Trear: Transformer-based RGB-D Egocentric Action Recognition
This work addresses the problem of egocentric action recognition for computer vision researchers, demonstrating significant improvements over existing methods.
This paper introduces Trear, a Transformer-based framework for egocentric action recognition using RGB-D data. It models temporal structure with self-attention and fuses multi-modal features, achieving state-of-the-art performance on THU-READ, FPHA, and WCVS datasets.

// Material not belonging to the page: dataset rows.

Lemma monochrome1 v c : monochrome [set v] c = [set s : colouring | s v == c].
Proof.
apply/setP => s; rewrite !inE; apply/forallP/idP => [/(_ v)|/eqP s_v u].
  by rewrite inE eqxx.
by rewrite inE; apply/implyP => /eqP->; rewrite s_v.
Qed.

Definition splice (S : {set V}) (g s : colouring) : colouring :=
  [ffun u => if u \in S then g u else s u].

Definition indep_of (S : {set V}) (G : {set colouring}) : Prop :=
  forall g s, s \in G -> splice S g s \in G.

(* (s, g) |-> splice S g s is injective on (G :&: monochrome S c) times the
   q ^ #|S| colourings equal to c off S. *)
Lemma card_monochrome_indep (S : {set V}) (G : {set colouring}) c :
  indep_of S G -> #|G :&: monochrome S c| * q ^ #|S| <= #|G|.
Proof.
move=> GS; pose D := [set g : colouring in pffun_on c S [set: 'I_q]].
have cardD : #|D| = q ^ #|S| by rewrite cardsE card_pffun_on cardsT card_ord.
have splice_inj : {in setX (G :&: monochrome S c) D &,
    injective (fun p => splice S p.2 p.1)}.
  move=> [s g] [s' g']; rewrite !inE /=.
  move=> /andP[/andP[_ /forallP sc] /pffun_onP[/supportP gc _]].
  move=> /andP[/andP[_ /forallP s'c] /pffun_onP[/supportP g'c _]] /ffunP eq_s.
  congr pair; apply/ffunP => u; have := eq_s u; rewrite !ffunE.
  - case: ifPn => // uS _.
    by move: (sc u) (s'c u); rewrite uS => /eqP -> /eqP ->.
  - by case: ifPn => // uS _; rewrite gc // g'c.
rewrite -cardD -cardsX -(card_in_imset splice_inj) subset_leq_card //.
by apply/subsetP => _ /imsetP[[s g] /setXP[/setIP[sG _] _] ->]; apply: GS.
Qed.

Lemma proper_colsU (E1 E2 : {set {set V}}) :
  proper_cols (E1 :|: E2) P = proper_cols E1 P :&: proper_cols E2 P.
Proof.
apply/setP => s; rewrite !inE /proper_col.
apply/forallP/andP => [s_proper|[/forallP s_proper1 /forallP s_proper2] e].
  split; apply/forallP => e; apply/implyP => eE.
    by have := s_proper e; rewrite inE eE.
  by have := s_proper e; rewrite inE eE orbT.
apply/implyP; rewrite inE => /orP[eE|eE].
  exact: (implyP (s_proper1 e)).
exact: (implyP (s_proper2 e)).
Qed.

Lemma proper_cols_subset (E1 E2 : {set {set V}}) :
  E1 \subset E2 -> proper_cols E2 P \subset proper_cols E1 P.
Proof. by move=> /setUidPr <-; rewrite proper_colsU subsetIl. Qed.

Definition violating (f : {set V}) : {set colouring} := ~: proper_cols [set f] P.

In this paper, we propose a \textbf{Tr}ansformer-based RGB-D \textbf{e}gocentric \textbf{a}ction \textbf{r}ecognition framework, called Trear. It consists of two modules, inter-frame attention encoder and mutual-attentional fusion block. Instead of using optical flow or recurrent units, we adopt self-attention mechanism to model the temporal structure of the data from different modalities. Input frames are cropped randomly to mitigate the effect of the data redundancy. Features from each modality are interacted through the proposed fusion block and combined through a simple yet effective fusion operation to produce a joint RGB-D representation. Empirical experiments on two large egocentric RGB-D datasets, THU-READ and FPHA, and one small dataset, WCVS, have shown that the proposed method outperforms the state-of-the-art results by a large margin.